This anniversary comes at a time when we here in the United States are preparing for the nation’s greatest feast. Meanwhile, I’m thinking of the many ways in which kids participate in bringing food to the global table.
A boy hauls a load of firewood gathered near a tea plantation that crosses the road connecting Sikkim and Darjeeling in India.
Around the world, kids hunt and harvest. They collect firewood for the kitchen. They tend their families’ cows. They make the lacquered dishes in which food is served in Burma. They rake salt into neat little piles, which end up in kitchens across Cambodia—and as far away as New Mexico, where I keep a jar full of delicious Kampot salt.
Boys pose for a portrait in the middle of the night at the Indian truck-stop restaurant where they work serving food and cleaning up, in West Bengal.
Kids work through the night at truck stops in India and Burma. They boil tea and serve it to customers in Burmese tea shops. They clean restaurant tables and chairs, then sleep atop that furniture in the dead of night. When running water is not available, kids wash dishes in the river.
A boy washes the pots from a tea shop using only the sand and waters of the Brahmaputra River. Raw sewage from Guwahati, India, a city of one million, dumps into the river above this point, leaving the sand and water tainted with a foul, black muck.
And even the children who do not work often suffer the consequences of parents who have jobs in the food industry. Some kids spend their entire childhoods as economic refugees, denied the rights to education or health care or sanitary living, as their parents peel shrimp in a country to which they were smuggled, in search of a better life. This week, I chatted with a Burmese colleague who is working on a follow-up story to last year’s incident in which 54 Burmese migrant workers suffocated in a fish truck bound for Phuket. My journalist friend interviewed the families left behind in Burma—wives without husbands, children without fathers, struggling to survive.

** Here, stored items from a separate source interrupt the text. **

Lemma opnorm_transfer_inv_le m : opnorm (transfer_inv E (w m)) <= K.
Proof.
  eapply Rle_trans; [apply opnorm_le_entry_sum|]. unfold entry_sum; simpl.
  rewrite Rabs_R0, Rabs_m1, Rabs_R1. pose proof (Hw m). lra.
Qed.

Lemma K_ge2 : 2 <= K.
Proof. pose proof (Hw 0%Z). pose proof (Rabs_pos (E - w 0%Z)). lra. Qed.

Lemma opnorm_Mn_le n : opnorm (Mn E w n) <= K ^ n.
Proof.
  pose proof K_ge2.
  induction n as [|n IH]; simpl; [apply opnorm_mid|].
  eapply Rle_trans; [apply opnorm_mmul|].
  apply Rmult_le_compat; auto using opnorm_ge0, opnorm_transfer_le.
Qed.

Lemma opnorm_Mn_inv_le n : opnorm (Mn_inv E w n) <= K ^ n.
Proof.
  pose proof K_ge2.
  induction n as [|n IH]; simpl; [apply opnorm_mid|].
  eapply Rle_trans; [apply opnorm_mmul|]. rewrite Rmult_comm.
  apply Rmult_le_compat; auto using opnorm_ge0, opnorm_transfer_inv_le.
Qed.

End BoundedPotential.

(* Dirichlet determinant: Pn E w n = (-1)^n det (H_{w,n} - E) by det_shiftE_Hmat. *)
Definition Pn (E : R) (w : Z -> R) (n : nat) : R := m11 (Mn E w n).

Lemma Pn_0 E w : Pn E w 0 = 1.
Proof. reflexivity. Qed.

Lemma Pn_1 E w : Pn E w 1 = E - w 0%Z.
Proof. unfold Pn; simpl. ring. Qed.

Lemma Pn_SS E w m :
  Pn E w (S (S m)) = (E - w (Z.of_nat (S m))) * Pn E w (S m) - Pn E w m.
Proof. unfold Pn. simpl Mn at 1. simpl Mn at 2. simpl. ring. Qed.

Lemma Mn_succ_r E w n : Mn E w (S n) = mmul (Mn E (shift 1 w) n) (transfer E (w 0%Z)).
Proof. rewrite <- Nat.add_1_l, Mn_add. simpl. now rewrite mmul_1r. Qed.

Lemma Pn_SS_shift E w m :
  Pn E w (S (S m)) = (E - w 0%Z) * Pn E (shift 1 w) (S m) - Pn E (shift 2 w) m.
Proof.
  unfold Pn. rewrite Mn_succ_r, (Mn_succ_r E (shift 1 w) m), shift_shift. simpl. ring.
Qed.

Definition Pn_prev (E : R) (w : Z -> R) (n : nat) : R :=
  match n with O => 0 | S m => Pn E w m end.

Lemma Pn_S E w n : Pn E w (S n) = (E - w (Z.of_nat n)) * Pn E w n - Pn_prev E w n.
Proof. destruct n; cbn [Pn_prev]; [rewrite Pn_1, Pn_0; simpl|rewrite Pn_SS]; ring. Qed.

Definition Ptail (E : R) (w : Z -> R) (n j : nat) : R := Pn E (shift (Z.of_nat j) w) (n - j).

Lemma Ptail_n E w n : Ptail E w n n = 1.
Proof. unfold Ptail. now rewrite Nat.sub_diag. Qed.

Lemma Ptail_rec E w n i : (i < n)%nat ->
  Ptail E w n i = (E - w (Z.of_nat i)) * Ptail E w n (S i) -
    (if Nat.ltb (S i) n then Ptail E w n (S (S i)) else 0).
Proof.
  intros hi. unfold Ptail. destruct (Nat.ltb_spec (S i) n).
  - replace (n - i)%nat with (S (S (n - S (S i)))) by lia.
    replace (n - S i)%nat with (S (n - S (S i))) by lia.
    rewrite Pn_SS_shift, !shift_shift.
    replace (Z.of_nat i + 1)%Z with (Z.of_nat (S i)) by lia.
    replace (Z.of_nat i + 2)%Z with (Z.of_nat (S (S i))) by lia.
    rewrite shift_at0. ring.
  - replace (n - i)%nat with 1%nat by lia. replace (n - S i)%nat with 0%nat by lia.
    rewrite Pn_1, Pn_0, shift_at0. ring.
Qed.

Lemma Pn_wronskian E b : forall k w,
  Pn E w k * Pn E (shift (Z.of_nat (S (S k))) w) b
  - Pn E w (S k) * Pn E (shift (Z.of_nat (S k)) w) (S b) = - Pn E w (k + b + 2).
Proof.
  induction b as [|b IH]; intros k w.
  - rewrite Pn_0, Pn_1. replace (k + 0 + 2)%nat with (S (S k)) by lia. rewrite Pn_SS.
    rewrite shift_at0. ring.
  - rewrite Pn_SS_shift, !shift_shift.
    replace (Z.of_nat (S k) + 1)%Z with (Z.of_nat (S (S k))) by lia.
    replace (Z.of_nat (S k) + 2)%Z with (Z.of_nat (S (S (S k)))) by lia.
    replace (k + S b + 2)%nat with (S k + b + 2)%nat by lia.
    rewrite <- IH, (Pn_S E w (S k)), shift_at0. cbn [Pn_prev]. ring.
Qed.

Lemma rsum_S_l n f : rsum (S n) f = f 0%nat + rsum n (fun j => f (S j)).
Proof.
  induction n as [|n IH]; [simpl; ring|].
  change (rsum (S (S n)) f) with (rsum (S n) f + f (S n)). rewrite IH. simpl. ring.
Qed.

Lemma rsum_ext n f g : (forall j, (j < n)%nat -> f j = g j) -> rsum n f = rsum n g.
Proof.
  induction n as [|n IH]; intros h; simpl; auto.
  rewrite IH, h; [reflexivity|lia|intros; apply h; lia].
Qed.

Lemma rsum_0 n f : (forall j, (j < n)%nat -> f j = 0) -> rsum n f = 0.
Proof.
  intros h. rewrite (rsum_ext n f (fun _ => 0)) by exact h. clear h.
  induction n as [|n IH]; simpl; [reflexivity|]. rewrite IH; ring.
Qed.

Lemma rsum_add n f g : rsum n (fun j => f j + g j) = rsum n f + rsum n g.
Proof. induction n as [|n IH]; simpl; [ring|]. rewrite IH; ring. Qed.

Lemma rsum_scal n c f : rsum n (fun j => c * f j) = c * rsum n f.
Proof. induction n as [|n IH]; simpl; [ring|]. rewrite IH; ring. Qed.

Lemma rsum_delta n a c :
  rsum n (fun m => if Nat.eqb m a then c else 0) = if Nat.ltb a n then c else 0.
Proof.
  induction n as [|n IH]; simpl; [destruct a; reflexivity|].
  rewrite IH. destruct (Nat.eqb_spec n a), (Nat.ltb_spec a n), (Nat.ltb_spec a (S n));
    subst; try lia; ring.
Qed.

Lemma rsum_le n f c : (forall j, (j < n)%nat -> f j <= c) -> rsum n f <= INR n * c.
Proof.
  induction n as [|n IH]; intros h; simpl rsum; [simpl; lra|].
  rewrite S_INR. assert (rsum n f <= INR n * c) by (apply IH; intros; apply h; lia).
  assert (f n <= c) by (apply h; lia). lra.
Qed.

Lemma rsum_ge n f c : (forall j, (j < n)%nat -> c <= f j) -> INR n * c <= rsum n f.
Proof.
  induction n as [|n IH]; intros h; simpl rsum; [simpl; lra|].
  rewrite S_INR. assert (INR n * c <= rsum n f) by (apply IH; intros; apply h; lia).
  assert (c <= f n) by (apply h; lia). lra.
Qed.

Lemma det_col0_eq0 m M : (forall r, M r 0%nat = 0) -> det (S m) M = 0.
Proof.
  revert M. induction m as [|m IH]; intros M h.
  - simpl. rewrite h. ring.
  - change (det (S (S m)) M) with
      (rsum (S (S m)) (fun j => (-1) ^ j * M O j * det (S m) (minor j M))).
    apply rsum_0. intros [|j] hj.
    + rewrite h. ring.
    + rewrite IH; [ring|]. intros r. apply h.
Qed.

Lemma det_tridiag n A :
  (forall j, A 0%nat (S (S j)) = 0) -> (forall r, A (S (S r)) 0%nat = 0) ->
  det (S (S n)) A = A 0%nat 0%nat * det (S n) (minor 0 A)
     - A 0%nat 1%nat * A 1%nat 0%nat * det n (minor 0 (minor 0 A)).
Proof.
  intros hrow hcol.
  change (det (S (S n)) A) with
    (rsum (S (S n)) (fun j => (-1) ^ j * A O j * det (S n) (minor j A))).
  rewrite rsum_S_l, rsum_S_l.
  rewrite (rsum_0 n) by (intros j _; rewrite hrow; ring).
  assert (hminor : det (S n) (minor 1 A) = A 1%nat 0%nat * det n (minor 0 (minor 0 A))).
  { change (det (S n) (minor 1 A)) with
      (rsum (S n) (fun j => (-1) ^ j * minor 1 A O j * det n (minor j (minor 1 A)))).
    rewrite rsum_S_l, (rsum_0 n).
    - change (minor 0 (minor 1 A)) with (minor 0 (minor 0 A)).
      change (minor 1 A 0%nat 0%nat) with (A 1%nat 0%nat). simpl. ring.
    - intros j hj. destruct n; [lia|]. rewrite det_col0_eq0; [ring|].
      intros r. apply hcol. }
  rewrite hminor. simpl. ring.
Qed.

Lemma minor0_shiftE_Hmat E w : minor 0 (shiftE (Hmat w) E) = shiftE (Hmat (shift 1 w)) E.
Proof.
  extensionality r; extensionality c. unfold minor, shiftE, Hmat. simpl.
  destruct (Nat.eqb r c); auto. unfold shift. do 3 f_equal. lia.
Qed.

Lemma det_shiftE_Hmat_SS E w n : det (S (S n)) (shiftE (Hmat w) E) =
  (w 0%Z - E) * det (S n) (shiftE (Hmat (shift 1 w)) E)
  - det n (shiftE (Hmat (shift 2 w)) E).
Proof.
  rewrite det_tridiag.
  - rewrite !minor0_shiftE_Hmat, shift_shift. unfold shiftE, Hmat. simpl. ring.
  - intros j. unfold shiftE, Hmat. destruct j; simpl; ring.
  - intros r. unfold shiftE, Hmat. destruct r; simpl; ring.
Qed.

Lemma det_shiftE_Hmat E n w : det n (shiftE (Hmat w) E) = (-1) ^ n * Pn E w n.
Proof.
  revert w. induction n as [n IH] using (well_founded_induction Wf_nat.lt_wf). intros w.
  destruct n as [|[|n]].
  - simpl. rewrite Pn_0. ring.
  - rewrite Pn_1. unfold shiftE, Hmat. simpl. ring.
  - rewrite det_shiftE_Hmat_SS, !IH, Pn_SS_shift by lia. simpl. ring.
Qed.

Lemma shiftE_Hmat_row E w n g i : (i < n)%nat ->
  rsum n (fun m => shiftE (Hmat w) E i m * g m) =
  (w (Z.of_nat i) - E) * g i + (match i with O => 0 | S i' => g i' end) +
  (if Nat.ltb (S i) n then g (S i) else 0).
Proof.
  intros hi.
  rewrite (rsum_ext n _ (fun m =>
    (if Nat.eqb m i then (w (Z.of_nat i) - E) * g i else 0) +
    (if Nat.eqb m (S i) then g (S i) else 0) +
    (match i with O => 0 | S i' => if Nat.eqb m i' then g i' else 0 end))).
  - rewrite !rsum_add, !rsum_delta. destruct (Nat.ltb_spec i n); [|lia].
    destruct i as [|i].
    + rewrite rsum_0 by auto. ring.
    + rewrite rsum_delta. destruct (Nat.ltb_spec i n); [ring|lia].
  - intros m _. unfold shiftE, Hmat. destruct i;
      repeat match goal with |- context [Nat.eqb ?a ?b] => destruct (Nat.eqb_spec a b) end;
      subst; simpl; try lia; ring.
Qed.

Lemma in_spec_of_Pn_eq0 E w n : (1 <= n)%nat -> Pn E w n = 0 -> in_spec n (Hmat w) E.
Proof.
  intros hn h0. exists (fun i => Ptail E w n (S i)). split.
  - exists (n - 1)%nat. split; [lia|]. replace (S (n - 1)) with n by lia.
    rewrite Ptail_n. lra.
  - intros i hi.
    assert (hrow : rsum n (fun m => Hmat w i m * Ptail E w n (S m))
      = rsum n (fun m => shiftE (Hmat w) E i m * Ptail E w n (S m)) + E * Ptail E w n (S i)).
    { rewrite (rsum_ext n _ (fun m => shiftE (Hmat w) E i m * Ptail E w n (S m)
          + (if Nat.eqb m i then E * Ptail E w n (S i) else 0))).
      - rewrite rsum_add, rsum_delta. destruct (Nat.ltb_spec i n); [reflexivity|lia].
      - intros m _. unfold shiftE.
        destruct (Nat.eqb_spec i m), (Nat.eqb_spec m i); subst; try lia; ring. }
    rewrite hrow, shiftE_Hmat_row by exact hi.
    pose proof (Ptail_rec E w n i hi) as hrec.
    destruct i as [|i].
    + unfold Ptail at 1 in hrec. rewrite shift0, Nat.sub_0_r, h0 in hrec.
      destruct (Nat.ltb 1 n); simpl in *; lra.
    + destruct (Nat.ltb (S (S i)) n); lra.
Qed.

Section Green.
Variables (E : R) (w : Z -> R) (n k : nat) (g : nat -> R).
Hypothesis Hk : (k < n)%nat.
Hypothesis Hg : green_col n (Hmat w) E k g.

Let g_prev (i : nat) : R := match i with O => 0 | S i' => g i' end.
Let g_next (i : nat) : R := if Nat.ltb (S i) n then g (S i) else 0.

Let green_row i : (i < n)%nat ->
  (w (Z.of_nat i) - E) * g i + g_prev i + g_next i = if Nat.eqb i k then 1 else 0.
Proof. intros hi. unfold g_prev, g_next. rewrite <- shiftE_Hmat_row by exact hi. apply Hg, hi. Qed.

(* Left of k the column solves the eigenvalue equation started from the left edge. *)
Lemma green_left j : (j <= k)%nat -> g j = g 0%nat * Pn E w j /\ g_prev j = g 0%nat * Pn_prev E w j.
Proof.
  induction j as [|j IH]; intros hj; [rewrite Pn_0; simpl; split; ring|].
  destruct IH as [h1 h2]; [lia|].
  pose proof (green_row j ltac:(lia)) as he. unfold g_next in he.
  destruct (Nat.eqb_spec j k), (Nat.ltb_spec (S j) n); try lia.
  split; [|exact h1].
  rewrite Pn_S. replace (g (S j)) with ((E - w (Z.of_nat j)) * g j - g_prev j) by lra.
  rewrite h1, h2. ring.
Qed.

Lemma green_right d i : (i + d = n - 1)%nat -> (k <= i)%nat ->
  g i = g (n - 1)%nat * Ptail E w n (S i) /\
  g_next i = g (n - 1)%nat * (if Nat.ltb (S i) n then Ptail E w n (S (S i)) else 0).
Proof.
  revert i. induction d as [|d IH]; intros i hi hki.
  - replace i with (n - 1)%nat by lia. unfold g_next.
    replace (S (n - 1)) with n by lia. rewrite Ptail_n, Nat.ltb_irrefl. split; ring.
  - destruct (IH (S i)) as [h1 h2]; try lia.
    pose proof (green_row (S i) ltac:(lia)) as he.
    pose proof (Ptail_rec E w n (S i) ltac:(lia)) as hrec.
    destruct (Nat.eqb_spec (S i) k); [lia|].
    unfold g_next. destruct (Nat.ltb_spec (S i) n); [|lia].
    split; [|exact h1].
    replace (g i) with ((E - w (Z.of_nat (S i))) * g (S i) - g_next (S i))
      by (cbn [g_prev] in he; lra).
    rewrite hrec, h1, h2. ring.
Qed.

(* Matching the two one-sided solutions at k, through the Wronskian. *)
Lemma green_ends :
  g 0%nat * - Pn E w n = Ptail E w n (S k) /\ g (n - 1)%nat * - Pn E w n = Pn E w k.
Proof.
  destruct (green_left k (le_n k)) as [l1 l2].
  destruct (green_right (n - 1 - k) k ltac:(lia) (le_n k)) as [r1 r2].
  pose proof (green_row k Hk) as he. rewrite Nat.eqb_refl in he.
  set (Pnext := if Nat.ltb (S k) n then Ptail E w n (S (S k)) else 0) in *.
  assert (hw : Pn E w k * Pnext - Pn E w (S k) * Ptail E w n (S k) = - Pn E w n).
  { unfold Pnext, Ptail. destruct (Nat.ltb_spec (S k) n).
    - pose proof (Pn_wronskian E (n - S (S k)) k w) as hw0.
      replace (k + (n - S (S k)) + 2)%nat with n in hw0 by lia.
      replace (S (n - S (S k))) with (n - S k)%nat in hw0 by lia. exact hw0.
    - replace n with (S k) by lia. rewrite Nat.sub_diag, Pn_0. ring. }
  assert (hkey : - g 0%nat * Pn E w (S k) + g (n - 1)%nat * Pnext = 1).
  { rewrite l1, l2, r2 in he. rewrite Pn_S. lra. }
  rewrite <- hw. split.
  - transitivity (Pnext * (g 0%nat * Pn E w k - g (n - 1)%nat * Ptail E w n (S k))
      + Ptail E w n (S k) * (- g 0%nat * Pn E w (S k) + g (n - 1)%nat * Pnext)); [ring|].
    rewrite <- l1, <- r1, hkey. ring.
  - transitivity (Pn E w k * (- g 0%nat * Pn E w (S k) + g (n - 1)%nat * Pnext)
      + Pn E w (S k) * (g 0%nat * Pn E w k - g (n - 1)%nat * Ptail E w n (S k))); [ring|].
    rewrite <- l1, <- r1, hkey. ring.
Qed.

Local kids watch as American Jim Harris of Phoenix Clearance LTD reviews a video of the destruction of a pair of phosphorous bombs by his team. The bombs were found and reported by a pair of young boys tending cattle.
In Laos, the job of a child farmer takes on a dangerous dimension, as kids frequently stumble across bombs in their fields—remnants of the U.S. air war 40 years ago. They either work around the ordnance or inform a clearance team to destroy the bomb (as pictured above).
In most the world, a child’s life is not easy. And neither are these issues simple. Two years ago I wrote an article, published in the Sydney Morning Herald, about children who work in Cambodia. The story was an extension of a photo exhibit that Jerry had in Phnom Penh. We tried to examine the complexity of child labor, and the myriad ways in which different cultures view the issue. No easy solutions exist. Most children who work fall somewhere in the middle, in a vast sea of gray between right and wrong, good and bad, black and white. Here, in honor of kids this week, is that article:
Laek, 8, rakes salt crystals while working with her mother and young brother in a salt field in Kampot, Cambodia. Their family came from Svay Rieng province for the seasonal work. They work barefoot all day in the sun raking and hauling the sharp crystals in hot water. The vast majority of Cambodian children work. Their labor is imperative for their survival and the survival of their families.
The Working World
Had I been born as Roeut Sokang, who is precisely my age, I would have three kids – 14, 8 and 5. For the hottest four months of every year, my family and I would live together in the salt fields of Kampot, in southern Cambodia. We would make the journey from our small farm, in Svay Rieng many hours away, to camp in a wooden hut with dozens of others. The families here would come in droves, driven by necessity but never choice. I would dream of a time when my kids could go to school uninterrupted. All of my neighbors would share that dream.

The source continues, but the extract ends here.